Yeah, that is probably a nicer way of doing the same thing.

Suleiman, care to send a v2?

-- Steve

Joel Fernandes Aug. 20, 2024, 3:42 p.m. UTC | #6

On Tue, Aug 20, 2024 at 10:50 AM Steven Rostedt <rostedt@goodmis.org> wrote:
>
> On Tue, 20 Aug 2024 15:15:55 +0530
> Srikar Dronamraju <srikar@linux.ibm.com> wrote:
>
> > * Suleiman Souhlal <suleiman@google.com> [2024-08-06 20:11:57]:
> >
> > > When steal time exceeds the measured delta when updating clock_task, we
> > > currently try to catch up the excess in future updates.
> > > However, this results in inaccurate run times for the future clock_task
> > > measurements, as they end up getting additional steal time that did not
> > > actually happen, from the previous excess steal time being paid back.
> > >
> > > For example, suppose a task in a VM runs for 10ms and had 15ms of steal
> > > time reported while it ran. clock_task rightly doesn't advance.
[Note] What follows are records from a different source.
Lemma contract01_eq0 r d ds : cd_dim d -> Defs.is_sym r -> supported d r ->
  supported ds (tmul r (deltan R n d)) -> (ds < d)%N -> forall K, contract01 r d K = 0.
Proof.
move=> cd_d r_sym r_supp x_supp lt_ds_d.
have lt_ds8 : (ds < 8)%N := leq_trans lt_ds_d (cd_dim_le8 _ cd_d).
pose w : 'I_8 := inord ds.
have w_ds : nat_of_ord w = ds by rewrite inordK.
suff contract01_ww m L :
    #|[pred t | L t != w]| = m -> L t0 = w -> L t1 = w -> contract01 r d L = 0.
  move=> K; rewrite -(contract01_set01 r d K w w).
  by apply: (contract01_ww _ _ erefl); rewrite ?set01_t0 ?set01_t1.
elim/ltn_ind: m L => m IH L Lm L0 L1.
have term s : tmul r (delta0 R n d) (actix s L) =
    (d%:R)^-1 * contract01 r d L * ((L (s t0) == w) && (L (s t1) == w))%:R.
  rewrite tmul_delta0E // !actixE.
  have [e0 | ne0] := eqVneq (L (s t0)) w.
    have [e1 | ne1] := eqVneq (L (s t1)) w; last first.
      by rewrite e0 eq_sym (negPf ne1) /= !(mulr0, mul0r).
    by rewrite e0 e1 eqxx w_ds lt_ds_d contract01_actix ?e0 ?e1 ?L0 ?L1 //= !mulr1.
  rewrite /= mulr0.
  have [e01 | ne01] := eqVneq (L (s t0)) (L (s t1)); last by rewrite /= mulr0 mul0r.
  have lt_m : (#|[pred t | set01 (actix s L) w w t != w]| < m)%N.
    have := card_set01 (fun e => e != w) (actix s L) w w.
    rewrite (card_actix (fun e => e != w)) !actixE -e01 ne0 eqxx Lm /=.
    lia.
  by rewrite -(contract01_set01 r d (actix s L) w w) (IH _ lt_m _ erefl)
       ?mulr0 ?set01_t0 ?set01_t1.
have count_pos : 0 < \sum_(s : {perm 'I_n}) (((L (s t0) == w) && (L (s t1) == w))%:R : R).
  rewrite (bigD1 1%g) //= !perm1 L0 L1 eqxx ltr_pwDl ?ltr01 //.
  by apply: sumr_ge0 => s _; exact: ler0n.
have : tmul r (deltan R n d) L = 0 by apply: x_supp; exists t0; rewrite L0 /= w_ds.
rewrite tmul_deltanE // (eq_bigr _ (fun s _ => term s)) -mulr_sumr => /eqP.
rewrite !mulf_eq0 !invr_eq0 !pnatr_eq0 (gt_eqF count_pos).
rewrite gtn_eqF ?fact_gt0 // gtn_eqF ?cd_dim_gt0 //=.
by rewrite orbF => /eqP.
Qed.

Lemma tmul_deltan_eq0 r d ds : cd_dim d -> Defs.is_sym r -> supported d r ->
  supported ds (tmul r (deltan R n d)) -> (ds < d)%N ->
  tmul r (deltan R n d) = (fun _ => 0).
Proof.
move=> cd_d r_sym r_supp x_supp lt_ds_d; apply: boolp.funext => K.
rewrite tmul_deltanE // big1 ?mulr0 // => s _.
by rewrite tmul_delta0E // (contract01_eq0 cd_d r_sym r_supp x_supp lt_ds_d) mulr0.
Qed.

End TensorContraction.

Theorem lemma2p7 (R : realType) (n : nat) (hn : (2 <= n)%N) :
  (forall x : tens R n, SymA 2 x ->
     (exists r : tens R n, SymA 4 r /\ x = tmul r (deltan R n 4)) -> x = (fun _ => 0))
  /\
  (forall x : tens R n, SymA 4 x ->
     (exists r : tens R n, SymA 8 r /\ x = tmul r (deltan R n 8)) -> x = (fun _ => 0)).
Proof.
by split=> x [_ x_supp] [r [[r_sym r_supp] x_def]]; rewrite x_def in x_supp *;
  apply: (tmul_deltan_eq0 hn _ r_sym r_supp x_supp).
Qed.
Then, a
> > > different task runs on the same rq for 10ms without any time stolen.
> > > Because of the current catch up mechanism, clock_sched inaccurately ends
> > > up advancing by only 5ms instead of 10ms even though there wasn't any
> > > actual time stolen. The second task is getting charged for less time
> > > than it ran, even though it didn't deserve it.
> > > In other words, tasks can end up getting more run time than they should
> > > actually get.
> > >
> > > So, we instead don't make future updates pay back past excess stolen time.
>
> In other words, If one task had more time stolen from it than it had run,
> the excess time is removed from the next task even though it ran for its
> entire slot?
>
> I'm curious, how does a task get queued on the run queue if 100% of it's
> time was stolen? That is, how did it get queued if the vCPU wasn't running?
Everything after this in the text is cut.